Rolling In Trifolium Repens

My paternal grandmother was a mix of two different tribes of Celts. Her father, Mr. Poole was a Welshman or Brythonic Celt, who married a woman from the Emerald Isle, a Gael. They had a daughter, Elsie who was born and raised in Cardiff. I only met her twice. Once she came to Louisiana and we sat up in the kitchen late one night in Baton Rouge, drinking hot cream tea and listening to the crickets. She sounded like Mary Poppins to me and I sounded like Huckleberry Finn to her. She told me that my mother and I were likely fey. [1 Giving an impression of vague unworldliness or mystery. 2 Having supernatural powers of clairvoyance. -lexico.com]

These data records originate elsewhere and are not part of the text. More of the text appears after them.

(* Let $n \geq 2$ be an integer and let $$\mathbf{S} = \Big\{(x_1,\ldots,x_n) \in \mathbb{R}^n \;:\; \sum_{i=1}^n x_i = 1,\; x_i \geq 0 \text{ for } i=1,\ldots,n\Big\}.$$ Let $f$ be a real-valued function that is convex and continuous on $\mathbf{S}$ and differentiable on $\mathbf{S}$ (i.e. $f$ is the restriction to $\mathbf{S}$ of a function differentiable on an open neighborhood of $\mathbf{S}$ in $\mathbb{R}^n$). Fix constants $s>0$ and $\rho>1$ and put $\delta_k = s/\rho^k$ for $k \in \mathbb{N}$. Let $\mathbf{u}=(u_1,\ldots,u_n) \in \mathbf{S}$ with $u_j>0$ for all $j$. For $i=1,\ldots,n$ and $k\in\mathbb{N}$ define $\mathbf{u}_k^{(i+)}, \mathbf{u}_k^{(i-)} \in \mathbb{R}^n$ by $$\big(\mathbf{u}_k^{(i+)}\big)_i = u_i + \delta_k,\qquad \big(\mathbf{u}_k^{(i+)}\big)_j = u_j - \frac{\delta_k}{n-1}\ (j\neq i),$$ $$\big(\mathbf{u}_k^{(i-)}\big)_i = u_i - \delta_k,\qquad \big(\mathbf{u}_k^{(i-)}\big)_j = u_j + \frac{\delta_k}{n-1}\ (j\neq i).$$ Suppose that for every $k\in\mathbb{N}$ and every $i\in\{1,\ldots,n\}$ we have $f(\mathbf{u}) \leq f(\mathbf{u}_k^{(i+)})$ whenever $\mathbf{u}_k^{(i+)} \in \mathbf{S}$, and $f(\mathbf{u}) \leq f(\mathbf{u}_k^{(i-)})$ whenever $\mathbf{u}_k^{(i-)} \in \mathbf{S}$. Then $\mathbf{u}$ is a global minimizer of $f$ on $\mathbf{S}$, i.e. $f(\mathbf{u}) \leq f(\mathbf{x})$ for all $\mathbf{x}\in\mathbf{S}$.
   Context: $\mathbb{N}$ denotes the positive integers. The points $\mathbf{u}_k^{(i\pm)}$ are obtained from $\mathbf{u}$ by moving the $i$-th coordinate by $\pm\delta_k$ and compensating equally in the other $n-1$ coordinates so that the coordinate sum stays equal to $1$; they lie in $\mathbf{S}$ exactly when all their coordinates are nonnegative. *)

From mathcomp Require Import ssreflect ssrbool eqtype ssrnat fintype bigop.
From Stdlib Require Import Reals.
Open Scope R_scope.

Definition vec (n : nat) := 'I_n -> R.

Definition vsum {n : nat} (x : vec n) : R := \big[Rplus/0]_(i < n) x i.

Definition vadd {n : nat} (x y : vec n) : vec n := fun i => x i + y i.
Definition vsub {n : nat} (x y : vec n) : vec n := fun i => x i - y i.
Definition vscale {n : nat} (t : R) (x : vec n) : vec n := fun i => t * x i.

Definition vnorm {n : nat} (x : vec n) : R := sqrt (vsum (fun i => x i * x i)).

Definition in_S {n : nat} (x : vec n) : Prop :=
  vsum x = 1 /\ forall i, 0 <= x i.

Definition convex_on_S {n : nat} (f : vec n -> R) : Prop :=
  forall x y : vec n, in_S x -> in_S y -> forall t : R, 0 <= t <= 1 ->
    f (vadd (vscale t x) (vscale (1 - t) y)) <= t * f x + (1 - t) * f y.

Definition continuous_on_S {n : nat} (f : vec n -> R) : Prop :=
  forall x : vec n, in_S x -> forall eps : R, 0 < eps ->
    exists delta : R, 0 < delta /\
      forall y : vec n, in_S y -> vnorm (vsub y x) < delta ->
        Rabs (f y - f x) < eps.

Definition open_set {n : nat} (U : vec n -> Prop) : Prop :=
  forall x, U x -> exists r : R, 0 < r /\ forall y, vnorm (vsub y x) < r -> U y.

Definition frechet_diff_at {n : nat} (g : vec n -> R) (x : vec n) : Prop :=
  exists a : vec n, forall eps : R, 0 < eps ->
    exists delta : R, 0 < delta /\
      forall h : vec n, vnorm h < delta ->
        Rabs (g (vadd x h) - g x - vsum (fun i => a i * h i)) <= eps * vnorm h.

Definition differentiable_on_S {n : nat} (f : vec n -> R) : Prop :=
  exists (U : vec n -> Prop) (g : vec n -> R),
    open_set U /\ (forall x, in_S x -> U x) /\
    (forall x, in_S x -> g x = f x) /\
    (forall x, U x -> frechet_diff_at g x).

Definition delta_k (s rho : R) (k : nat) : R := s / rho ^ k.

Definition shift_pt {n : nat} (u : vec n) (i : 'I_n) (d : R) : vec n :=
  fun j => if j == i then u j + d else u j - d / (INR n - 1).

Definition u_plus {n : nat} (s rho : R) (u : vec n) (k : nat) (i : 'I_n) : vec n :=
  shift_pt u i (delta_k s rho k).
Definition u_minus {n : nat} (s rho : R) (u : vec n) (k : nat) (i : 'I_n) : vec n :=
  shift_pt u i (- delta_k s rho k).

From HB Require Import structures.
From mathcomp Require Import ssreflect ssrfun ssrbool eqtype ssrnat seq fintype bigop.
From Stdlib Require Import Reals Lra FunctionalExtensionality.
Open Scope R_scope.

(* The shifts u +- delta_k v_i go along the directions
   v_i = n/(n-1) e_i - 1/(n-1) (1,...,1), and delta_k -> 0, so u is a two-sided
   minimum of f along each v_i on a sequence of step sizes tending to 0.  Hence
   the gradient a at u of a differentiable extension of f is orthogonal to every
   v_i, which forces all a_i to be equal.  Then a is orthogonal to x - u for every
   x in S, and a convex function with vanishing directional derivative from u
   towards x satisfies f u <= f x. *)

HB.instance Definition _ := Monoid.isComLaw.Build R 0 Rplus
  (fun a b c => esym (Rplus_assoc a b c)) Rplus_comm Rplus_0_l.

Definition vdot {n : nat} (a h : vec n) : R := vsum (fun i => a i * h i).

Definition has_grad {n : nat} (g : vec n -> R) (x a : vec n) : Prop :=
  forall eps : R, 0 < eps -> exists delta : R, 0 < delta /\
    forall h : vec n, vnorm h < delta ->
      Rabs (g (vadd x h) - g x - vdot a h) <= eps * vnorm h.

Definition unit_vec {n : nat} (i : 'I_n) : vec n :=
  fun j => if j == i then 1 else 0.

Definition shift_dir {n : nat} (i : 'I_n) : vec n :=
  fun j => INR n / (INR n - 1) * unit_vec i j - 1 / (INR n - 1).

Lemma Rabs_le_inv x y : Rabs x <= y -> - y <= x <= y.
Proof. by rewrite /Rabs; case: Rcase_abs; lra. Qed.

Lemma Rmult_lt_of_lt_div x y z : 0 < z -> x < y / z -> x * z < y.
Proof.
move=> z0 /(Rmult_lt_compat_r z _ _ z0).
by rewrite /Rdiv Rmult_assoc Rinv_l ?Rmult_1_r //; lra.
Qed.

Lemma INR_pred_ge1 n : (1 < n)%nat -> 1 <= INR n - 1.
Proof. by move=> /leP /(le_INR 2) /=; lra. Qed.

Section Vectors.
Context {n : nat}.
Implicit Types (F G a w x y : vec n) (i j : 'I_n).

Lemma eq_vsum F G : (forall j, F j = G j) -> vsum F = vsum G.
Proof. by move=> FG; apply: eq_bigr => j _. Qed.

Lemma vsumD F G : vsum (fun j => F j + G j) = vsum F + vsum G.
Proof. exact: big_split. Qed.

Lemma vsumB F G : vsum (fun j => F j - G j) = vsum F - vsum G.
Proof.
rewrite /vsum; apply: (big_ind3 (fun x y z : R => x = y - z)) => //; first lra.
by move=> ? ? ? ? ? ? -> ->; lra.
Qed.

Lemma vsumZ c F : vsum (fun j => c * F j) = c * vsum F.
Proof.
rewrite /vsum; apply: (big_ind2 (fun x y : R => x = c * y)) => //; first lra.
by move=> ? ? ? ? -> ->; lra.
Qed.

Lemma vsum_const c : vsum (fun _ : 'I_n => c) = INR n * c.
Proof.
rewrite /vsum big_const_ord; elim: n => [|k IH]; first by rewrite /=; lra.
by rewrite iterS S_INR IH; lra.
Qed.

Lemma vdot_unit_vec F i : vdot F (unit_vec i) = F i.
Proof.
rewrite /vdot /vsum (bigD1 i) //= /unit_vec eqxx big1 /=; first lra.
by move=> j /negbTE ->; lra.
Qed.

Lemma vdotZ a t w : vdot a (vscale t w) = t * vdot a w.
Proof. by rewrite /vdot -vsumZ; apply: eq_vsum => j; rewrite /vscale; lra. Qed.

Lemma vnorm_ge0 w : 0 <= vnorm w.
Proof. exact: sqrt_pos. Qed.

Lemma vnormZ t w : vnorm (vscale t w) = Rabs t * vnorm w.
Proof.
rewrite /vnorm /vscale (eq_vsum _ (fun j => (t * t) * (w j * w j))); last first.
  by move=> j; lra.
by rewrite vsumZ sqrt_mult_alt ?sqrt_Rsqr_abs //; nra.
Qed.

Lemma in_S_segment x y t : in_S x -> in_S y -> 0 <= t <= 1 ->
  in_S (vadd (vscale t x) (vscale (1 - t) y)).
Proof.
move=> [sx px] [sy py] t01; split.
  by rewrite /vadd /vscale vsumD !vsumZ sx sy; lra.
by move=> j; rewrite /vadd /vscale; have := px j; have := py j; nra.
Qed.

Lemma vdot_shift_dir a i :
  vdot a (shift_dir i) = INR n / (INR n - 1) * a i - 1 / (INR n - 1) * vsum a.
Proof.
rewrite /vdot (eq_vsum _ (fun j => INR n / (INR n - 1) * (a j * unit_vec i j)
   - 1 / (INR n - 1) * a j)); last by move=> j; rewrite /shift_dir; lra.
by rewrite vsumB !vsumZ -/(vdot a _) vdot_unit_vec.
Qed.

Lemma vsum_shift_dir i : (1 < n)%nat -> vsum (shift_dir i) = 0.
Proof.
move=> /INR_pred_ge1 n1.
rewrite (eq_vsum _ (fun j => (fun _ => 1) j * shift_dir i j)); last by move=> j; lra.
by rewrite -/(vdot _ _) vdot_shift_dir vsum_const; field; lra.
Qed.

Lemma shift_ptE x i d : (1 < n)%nat ->
  shift_pt x i d = vadd x (vscale d (shift_dir i)).
Proof.
move=> /INR_pred_ge1 n1; apply: functional_extensionality => j.
by rewrite /shift_pt /vadd /vscale /shift_dir /unit_vec; case: (j == i); field; lra.
Qed.

Lemma in_S_shift_pt x i d : (1 < n)%nat -> in_S x ->
  (forall j, Rabs d <= x j) -> in_S (shift_pt x i d).
Proof.
move=> n1 [sx px] dx; rewrite shift_ptE //; split.
  by rewrite /vadd /vscale vsumD vsumZ vsum_shift_dir // sx; lra.
move=> j; rewrite -shift_ptE // /shift_pt.
have := dx j; have := Rle_abs d; have := Rle_abs (- d); rewrite Rabs_Ropp.
case: (j == i); first lra.
have /INR_pred_ge1 n1' := n1.
have inv01 : 0 < / (INR n - 1) <= 1.
  by split; [apply: Rinv_0_lt_compat | rewrite -Rinv_1; apply: Rinv_le_contravar]; lra.
by rewrite /Rdiv; nra.
Qed.

(* a . v_i = (n a_i - sum a) / (n - 1), so orthogonality to every v_i makes a
   a constant vector. *)
Lemma vdot_eq0_of_shift_dir {a w} : (1 < n)%nat ->
  (forall i, vdot a (shift_dir i) = 0) -> vsum w = 0 -> vdot a w = 0.
Proof.
move=> n1 a_orth w0; have /INR_pred_ge1 n1' := n1.
have a_const j : a j = vsum a / INR n.
  have := a_orth j; rewrite vdot_shift_dir => h.
  have : (INR n - 1) * (INR n / (INR n - 1) * a j - 1 / (INR n - 1) * vsum a)
         = INR n * a j - vsum a by field; lra.
  rewrite h Rmult_0_r => nsum; have -> : vsum a = INR n * a j by lra.
  by field; lra.
rewrite /vdot (eq_vsum _ (fun j => vsum a / INR n * w j)); last first.
  by move=> j; rewrite a_const.
by rewrite vsumZ w0; lra.
Qed.

Lemma exists_pos_lb {x} :
  (forall j, 0 < x j) -> exists mu, 0 < mu /\ forall j, mu <= x j.
Proof.
move=> xpos; exists (\big[Rmin/1]_(j < n) x j); split.
  by apply: (big_ind (fun m => 0 < m)) => //; [lra | move=> *; apply: Rmin_glb_lt].
move=> j; have := mem_index_enum j.
elim: (index_enum _) => [|k r IH] //.
rewrite in_cons big_cons => /orP [/eqP -> | /IH]; first exact: Rmin_l.
exact: Rle_trans (Rmin_r _ _).
Qed.

End Vectors.

Lemma le0_of_le_eps x N : 0 <= N -> (forall eps, 0 < eps -> x <= eps * N) -> x <= 0.
Proof.
move=> N0 xN; apply: Rnot_lt_le => x0.
set q := x / (2 * (N + 1)).
have q0 : 0 < q by apply: Rdiv_lt_0_compat; lra.
have xq : x = 2 * (q * N) + 2 * q by rewrite /q; field; lra.
by have := xN q q0; have := Rmult_le_pos q N (Rlt_le _ _ q0) N0; lra.
Qed.

Lemma has_grad_ray {n : nat} {g : vec n -> R} {u a : vec n} : has_grad g u a ->
  forall w eps, 0 < eps -> exists T, 0 < T /\ forall t, Rabs t < T ->
    Rabs (g (vadd u (vscale t w)) - g u - t * vdot a w) <= eps * (Rabs t * vnorm w).
Proof.
move=> ga w eps eps0; have [d [d0 gd]] := ga eps eps0.
have N0 := vnorm_ge0 w.
exists (d / (vnorm w + 1)); split; first by apply: Rdiv_lt_0_compat; lra.
move=> t tT; rewrite -vdotZ -vnormZ; apply: gd; rewrite vnormZ.
have := Rabs_pos t; have : Rabs t * (vnorm w + 1) < d.
  by apply: Rmult_lt_of_lt_div => //; lra.
nra.
Qed.

Lemma grad_dot_eq0_of_two_sided_min {n : nat} {g : vec n -> R} {u a v : vec n} :
  has_grad g u a ->
  (forall eta, 0 < eta -> exists t, 0 < t < eta /\
     g u <= g (vadd u (vscale t v)) /\ g u <= g (vadd u (vscale (- t) v))) ->
  vdot a v = 0.
Proof.
move=> ga umin; suff /Rabs_le_inv : Rabs (vdot a v) <= 0 by lra.
apply: (le0_of_le_eps _ _ (vnorm_ge0 v)) => eps eps0.
have [T [T0 gT]] := has_grad_ray ga v eps eps0.
have [t [[t0 tT] [up um]]] := umin T T0.
have := gT t; have := gT (- t); rewrite Rabs_Ropp Rabs_right; try lra.
move=> /(_ tT) /Rabs_le_inv hm /(_ tT) /Rabs_le_inv hp.
suff : t * Rabs (vdot a v) <= t * (eps * vnorm v) by nra.
by rewrite /Rabs; case: Rcase_abs; nra.
Qed.

Lemma convex_min_of_grad {n : nat} {f g : vec n -> R} {u a x : vec n} :
  convex_on_S f -> (forall y, in_S y -> g y = f y) -> has_grad g u a ->
  in_S u -> in_S x -> 0 <= vdot a (vsub x u) -> f u <= f x.
Proof.
move=> fconv gf ga uS xS dir_ge0.
suff : f u - f x <= 0 by lra.
apply: (le0_of_le_eps _ _ (vnorm_ge0 (vsub x u))) => eps eps0.
have [T [T0 gT]] := has_grad_ray ga (vsub x u) eps eps0.
set t := Rmin 1 T / 2.
have t_bounds : 0 < t <= 1 /\ t < T.
  by have := Rmin_l 1 T; have := Rmin_r 1 T; have := Rmin_glb_lt 1 T 0; rewrite /t; lra.
have segE : vadd (vscale t x) (vscale (1 - t) u) = vadd u (vscale t (vsub x u)).
  by apply: functional_extensionality => j; rewrite /vadd /vscale /vsub; lra.
have segS : in_S (vadd (vscale t x) (vscale (1 - t) u)) by apply: in_S_segment => //; lra.
have fseg := fconv x u xS uS t ltac:(lra).
rewrite -gf // segE in fseg.
have := gT t; rewrite Rabs_right ?(gf u uS); last lra.
move=> /(_ ltac:(lra)) /Rabs_le_inv; have := vnorm_ge0 (vsub x u); nra.
Qed.

Lemma delta_k_small {s rho : R} : 0 < s -> 1 < rho ->
  forall eta, 0 < eta -> exists k, (1 <= k)%nat /\ 0 < delta_k s rho k < eta.
Proof.
move=> s0 rho1 eta eta0.
have rho_inv : Rabs (/ rho) < 1.
  rewrite Rabs_right; last by left; apply: Rinv_0_lt_compat; lra.
  by rewrite -Rinv_1; apply: Rinv_lt_contravar; lra.
have [N small] := pow_lt_1_zero _ rho_inv (eta / s) (Rdiv_lt_0_compat _ _ eta0 s0).
exists N.+1; split=> //.
have pos : 0 < (/ rho) ^ N.+1 by apply: pow_lt; apply: Rinv_0_lt_compat; lra.
have := small N.+1 (Nat.le_succ_diag_r N); rewrite Rabs_right; last lra.
rewrite /delta_k -[s / _]/(s * / rho ^ N.+1) -pow_inv => lt.
by split; [nra | rewrite Rmult_comm; apply: Rmult_lt_of_lt_div].
Qed.

Lemma shift_dir_two_sided_min {n : nat} {f g : vec n -> R} {s rho : R} {u : vec n}
    {i : 'I_n} :
  (1 < n)%nat -> 0 < s -> 1 < rho -> in_S u -> (forall j, 0 < u j) ->
  (forall y, in_S y -> g y = f y) ->
  (forall k, (1 <= k)%nat -> forall i : 'I_n,
     (in_S (u_plus s rho u k i) -> f u <= f (u_plus s rho u k i)) /\
     (in_S (u_minus s rho u k i) -> f u <= f (u_minus s rho u k i))) ->
  forall eta, 0 < eta -> exists t, 0 < t < eta /\
    g u <= g (vadd u (vscale t (shift_dir i))) /\
    g u <= g (vadd u (vscale (- t) (shift_dir i))).
Proof.
move=> n1 s0 rho1 uS upos gf uloc eta eta0.
have [mu [mu0 mu_le]] := exists_pos_lb upos.
have [k [k1 dk]] := delta_k_small s0 rho1 _ (Rmin_glb_lt _ _ _ eta0 mu0).
have := Rmin_l eta mu; have := Rmin_r eta mu => min_mu min_eta.
exists (delta_k s rho k); split; first lra.
have [fp fm] := uloc k k1 i.
have small d : Rabs d = delta_k s rho k -> forall j, Rabs d <= u j.
  by move=> -> j; have := mu_le j; lra.
have pS : in_S (u_plus s rho u k i).
  by apply: in_S_shift_pt => //; apply: small; rewrite Rabs_right; lra.
have mS : in_S (u_minus s rho u k i).
  by apply: in_S_shift_pt => //; apply: small; rewrite Rabs_Ropp Rabs_right; lra.
rewrite /u_plus /u_minus !shift_ptE // in pS mS fp fm.
by rewrite !gf //; split; [exact: fp | exact: fm].
Qed.

Theorem theorem1 (n : nat) (Hn : (2 <= n)%nat) (f : vec n -> R)
  (Hconv : convex_on_S f) (Hcont : continuous_on_S f)
  (Hdiff : differentiable_on_S f)
  (s rho : R) (Hs : 0 < s) (Hrho : 1 < rho)
  (u : vec n) (Hu : in_S u) (Hupos : forall j, 0 < u j)
  (Hloc : forall (k : nat), (1 <= k)%nat -> forall i : 'I_n,
     (in_S (u_plus s rho u k i) -> f u <= f (u_plus s rho u k i)) /\
     (in_S (u_minus s rho u k i) -> f u <= f (u_minus s rho u k i))) :
  forall x : vec n, in_S x -> f u <= f x.
Proof.
move=> x Hx.
have [U [g [_ [HUS [Hgf Hgd]]]]] := Hdiff.
have [a Ha] : exists a, has_grad g u a := Hgd u (HUS u Hu).
have a_orth i : vdot a (shift_dir i) = 0.
  apply: (grad_dot_eq0_of_two_sided_min Ha).
  exact: (shift_dir_two_sided_min Hn Hs Hrho Hu Hupos Hgf Hloc).
apply: (convex_min_of_grad Hconv Hgf Ha Hu Hx).
rewrite (vdot_eq0_of_shift_dir Hn a_orth); first lra.
by case: Hx => sx _; case: Hu => su _; rewrite /vsub vsumB sx su; lra.
Qed.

The other occasion I saw her was when my family visited for an hour in California on our way North. She gave me a bag of pennies and called them “coppers.” Her husband was a German speaking man and he just sat in a chair nursing a swollen prostate and said nothing. It was the only time I ever saw him. They had two daughters and a son. The old man’s name was Alfons Heinrich Haus and he was once the yardmaster for the railroad switching yard in Toronto. Later, he was the groundskeeper for a large golf course in the Riverside, California. His people had come to Ariss, Ontario, Canada from Alsace-Lorraine.


My Celtic grandma used to send me books in the mail. All through my childhood, I looked forward to getting the brown cardboard boxes of new reading material. Mostly, she sent Jack London's books. At Christmas she always sent a little box of French cakes called Petites Fours. Over my life, I came to realize that it was the Welsh in me that needed to read and the Irish in me that needed to write. It was said by a Scotsman who shall remain nameless, that although the English gave books and writing to the Irish, it was the Irish who gave literature to the world.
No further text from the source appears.